Exercise materials:
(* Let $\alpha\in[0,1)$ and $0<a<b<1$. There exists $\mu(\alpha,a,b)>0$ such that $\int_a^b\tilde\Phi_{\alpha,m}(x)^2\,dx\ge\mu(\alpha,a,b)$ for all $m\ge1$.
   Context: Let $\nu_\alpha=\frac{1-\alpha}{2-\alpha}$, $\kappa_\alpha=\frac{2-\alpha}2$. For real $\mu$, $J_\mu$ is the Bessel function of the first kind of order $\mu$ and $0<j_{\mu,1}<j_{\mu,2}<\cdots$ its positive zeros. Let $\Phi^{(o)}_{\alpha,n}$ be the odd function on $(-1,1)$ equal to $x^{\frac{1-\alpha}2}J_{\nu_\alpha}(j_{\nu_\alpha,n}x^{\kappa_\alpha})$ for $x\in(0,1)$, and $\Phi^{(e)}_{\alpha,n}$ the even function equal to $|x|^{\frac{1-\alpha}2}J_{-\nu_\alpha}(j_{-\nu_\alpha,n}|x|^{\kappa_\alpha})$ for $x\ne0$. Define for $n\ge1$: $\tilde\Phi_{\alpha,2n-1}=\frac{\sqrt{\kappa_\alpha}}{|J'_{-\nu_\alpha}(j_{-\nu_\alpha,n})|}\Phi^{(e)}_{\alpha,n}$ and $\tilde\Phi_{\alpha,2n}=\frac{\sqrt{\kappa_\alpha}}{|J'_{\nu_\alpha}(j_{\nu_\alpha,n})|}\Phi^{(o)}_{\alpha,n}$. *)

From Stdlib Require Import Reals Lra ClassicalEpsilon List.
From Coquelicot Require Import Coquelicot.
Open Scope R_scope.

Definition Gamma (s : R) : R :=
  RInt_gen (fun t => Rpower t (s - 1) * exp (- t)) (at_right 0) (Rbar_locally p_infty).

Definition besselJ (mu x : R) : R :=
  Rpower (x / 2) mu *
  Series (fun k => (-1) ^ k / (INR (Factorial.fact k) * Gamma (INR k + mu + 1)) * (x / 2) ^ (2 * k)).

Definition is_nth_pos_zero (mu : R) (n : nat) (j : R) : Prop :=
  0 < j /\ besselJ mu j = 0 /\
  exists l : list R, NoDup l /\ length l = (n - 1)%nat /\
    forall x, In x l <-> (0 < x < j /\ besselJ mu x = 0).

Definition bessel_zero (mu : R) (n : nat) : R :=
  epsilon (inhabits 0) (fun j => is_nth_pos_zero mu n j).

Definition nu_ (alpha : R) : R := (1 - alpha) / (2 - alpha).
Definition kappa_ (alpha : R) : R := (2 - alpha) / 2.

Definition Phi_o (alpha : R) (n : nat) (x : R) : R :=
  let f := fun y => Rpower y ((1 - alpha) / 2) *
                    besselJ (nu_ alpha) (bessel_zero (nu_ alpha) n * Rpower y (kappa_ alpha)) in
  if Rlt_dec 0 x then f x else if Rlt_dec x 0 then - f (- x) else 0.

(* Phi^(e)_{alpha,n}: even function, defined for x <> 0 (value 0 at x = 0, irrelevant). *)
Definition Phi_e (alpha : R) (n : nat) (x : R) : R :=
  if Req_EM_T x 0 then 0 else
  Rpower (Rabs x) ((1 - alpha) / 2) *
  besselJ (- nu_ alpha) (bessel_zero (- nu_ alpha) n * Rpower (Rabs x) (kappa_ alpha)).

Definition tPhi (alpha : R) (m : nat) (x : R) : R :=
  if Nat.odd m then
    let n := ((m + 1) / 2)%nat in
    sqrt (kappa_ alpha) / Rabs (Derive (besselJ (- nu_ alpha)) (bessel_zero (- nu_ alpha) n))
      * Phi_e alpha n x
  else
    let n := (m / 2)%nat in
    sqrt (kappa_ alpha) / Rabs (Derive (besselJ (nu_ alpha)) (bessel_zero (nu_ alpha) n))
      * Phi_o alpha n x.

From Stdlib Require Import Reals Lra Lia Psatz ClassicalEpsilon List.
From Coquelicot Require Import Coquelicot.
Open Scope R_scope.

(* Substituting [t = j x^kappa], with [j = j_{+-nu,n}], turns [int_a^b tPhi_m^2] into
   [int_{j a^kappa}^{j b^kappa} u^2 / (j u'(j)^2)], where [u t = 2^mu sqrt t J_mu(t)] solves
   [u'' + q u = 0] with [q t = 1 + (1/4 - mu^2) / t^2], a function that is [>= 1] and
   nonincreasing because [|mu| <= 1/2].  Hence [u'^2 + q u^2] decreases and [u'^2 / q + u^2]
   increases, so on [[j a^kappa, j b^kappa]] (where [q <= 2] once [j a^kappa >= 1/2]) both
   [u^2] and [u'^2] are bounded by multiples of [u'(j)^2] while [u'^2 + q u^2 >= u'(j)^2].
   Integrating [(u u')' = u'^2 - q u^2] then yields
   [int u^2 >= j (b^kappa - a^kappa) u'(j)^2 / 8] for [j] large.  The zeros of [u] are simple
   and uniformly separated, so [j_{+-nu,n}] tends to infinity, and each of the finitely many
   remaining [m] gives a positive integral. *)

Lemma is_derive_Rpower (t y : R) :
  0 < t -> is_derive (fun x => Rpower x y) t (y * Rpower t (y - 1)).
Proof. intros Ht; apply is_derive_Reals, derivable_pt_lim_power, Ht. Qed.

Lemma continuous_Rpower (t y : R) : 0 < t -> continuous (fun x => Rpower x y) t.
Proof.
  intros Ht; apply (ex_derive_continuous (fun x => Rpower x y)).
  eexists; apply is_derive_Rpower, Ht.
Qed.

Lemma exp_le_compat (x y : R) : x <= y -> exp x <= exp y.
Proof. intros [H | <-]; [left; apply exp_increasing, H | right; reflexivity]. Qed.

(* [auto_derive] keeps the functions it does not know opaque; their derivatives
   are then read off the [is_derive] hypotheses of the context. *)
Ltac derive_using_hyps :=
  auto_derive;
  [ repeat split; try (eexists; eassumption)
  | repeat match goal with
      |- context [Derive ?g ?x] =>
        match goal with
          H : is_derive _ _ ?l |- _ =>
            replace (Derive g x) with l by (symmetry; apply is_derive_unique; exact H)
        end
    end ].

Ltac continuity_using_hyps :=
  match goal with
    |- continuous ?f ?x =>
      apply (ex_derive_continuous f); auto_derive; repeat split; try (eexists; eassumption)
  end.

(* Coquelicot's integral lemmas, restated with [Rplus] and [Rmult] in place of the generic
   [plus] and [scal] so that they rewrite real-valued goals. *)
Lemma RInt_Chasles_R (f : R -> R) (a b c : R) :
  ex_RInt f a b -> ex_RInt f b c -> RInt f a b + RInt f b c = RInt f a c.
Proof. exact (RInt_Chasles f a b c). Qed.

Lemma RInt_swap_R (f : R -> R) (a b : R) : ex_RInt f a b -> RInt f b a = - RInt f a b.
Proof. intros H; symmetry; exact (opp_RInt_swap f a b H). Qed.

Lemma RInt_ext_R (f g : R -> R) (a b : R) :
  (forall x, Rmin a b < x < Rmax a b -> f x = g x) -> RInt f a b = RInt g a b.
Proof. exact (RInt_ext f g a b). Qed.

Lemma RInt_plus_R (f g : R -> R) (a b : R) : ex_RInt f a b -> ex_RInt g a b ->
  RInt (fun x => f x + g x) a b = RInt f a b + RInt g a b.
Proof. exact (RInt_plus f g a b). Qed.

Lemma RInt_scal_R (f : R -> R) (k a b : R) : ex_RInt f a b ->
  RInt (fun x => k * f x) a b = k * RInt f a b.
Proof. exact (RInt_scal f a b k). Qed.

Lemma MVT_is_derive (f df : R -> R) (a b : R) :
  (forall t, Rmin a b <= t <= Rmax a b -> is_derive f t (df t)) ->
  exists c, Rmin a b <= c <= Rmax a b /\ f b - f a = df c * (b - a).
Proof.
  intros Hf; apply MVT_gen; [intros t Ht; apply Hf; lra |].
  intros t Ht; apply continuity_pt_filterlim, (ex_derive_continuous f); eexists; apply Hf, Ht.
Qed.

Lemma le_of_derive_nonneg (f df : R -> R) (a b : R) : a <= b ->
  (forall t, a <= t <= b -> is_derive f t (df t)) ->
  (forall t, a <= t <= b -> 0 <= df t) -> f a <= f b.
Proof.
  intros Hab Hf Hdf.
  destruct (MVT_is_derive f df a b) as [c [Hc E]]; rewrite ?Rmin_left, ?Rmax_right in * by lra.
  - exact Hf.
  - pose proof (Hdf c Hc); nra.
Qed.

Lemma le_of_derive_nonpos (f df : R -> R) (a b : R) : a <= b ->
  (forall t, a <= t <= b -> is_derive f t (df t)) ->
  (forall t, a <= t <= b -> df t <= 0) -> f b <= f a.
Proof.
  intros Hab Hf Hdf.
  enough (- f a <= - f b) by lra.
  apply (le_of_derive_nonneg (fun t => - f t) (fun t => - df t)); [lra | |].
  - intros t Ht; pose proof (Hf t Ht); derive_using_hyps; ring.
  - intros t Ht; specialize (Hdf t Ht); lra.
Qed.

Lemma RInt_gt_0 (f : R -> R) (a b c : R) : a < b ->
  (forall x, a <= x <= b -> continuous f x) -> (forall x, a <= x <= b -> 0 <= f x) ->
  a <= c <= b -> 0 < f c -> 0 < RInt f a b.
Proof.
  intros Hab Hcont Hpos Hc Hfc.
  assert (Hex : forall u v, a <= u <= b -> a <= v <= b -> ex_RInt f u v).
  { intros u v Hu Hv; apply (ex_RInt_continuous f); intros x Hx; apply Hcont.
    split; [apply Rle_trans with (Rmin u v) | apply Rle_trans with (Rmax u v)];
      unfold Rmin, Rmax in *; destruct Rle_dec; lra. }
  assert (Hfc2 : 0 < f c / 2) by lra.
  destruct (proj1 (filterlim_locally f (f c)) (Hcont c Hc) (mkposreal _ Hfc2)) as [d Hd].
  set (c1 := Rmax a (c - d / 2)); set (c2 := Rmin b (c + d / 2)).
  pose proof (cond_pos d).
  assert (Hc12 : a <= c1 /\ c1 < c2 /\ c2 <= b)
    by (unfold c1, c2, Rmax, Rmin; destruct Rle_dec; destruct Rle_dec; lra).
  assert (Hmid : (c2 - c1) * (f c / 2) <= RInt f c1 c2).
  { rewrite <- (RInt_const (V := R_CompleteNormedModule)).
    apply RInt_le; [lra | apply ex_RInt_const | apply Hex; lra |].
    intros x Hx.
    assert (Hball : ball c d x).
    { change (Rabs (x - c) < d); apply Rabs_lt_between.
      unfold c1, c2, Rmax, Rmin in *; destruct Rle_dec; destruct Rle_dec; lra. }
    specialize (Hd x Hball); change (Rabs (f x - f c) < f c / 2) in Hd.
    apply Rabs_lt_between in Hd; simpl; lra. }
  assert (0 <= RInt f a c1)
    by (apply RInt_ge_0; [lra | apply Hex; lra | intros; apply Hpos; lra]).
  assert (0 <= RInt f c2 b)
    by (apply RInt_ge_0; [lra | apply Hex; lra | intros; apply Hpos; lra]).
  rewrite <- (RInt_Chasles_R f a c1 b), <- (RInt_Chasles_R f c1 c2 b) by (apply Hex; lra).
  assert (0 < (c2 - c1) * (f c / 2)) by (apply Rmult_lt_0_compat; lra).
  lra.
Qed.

What you will do: In these records, tally the lines that contain the string "rewrite", and give only the result.

Response below: 4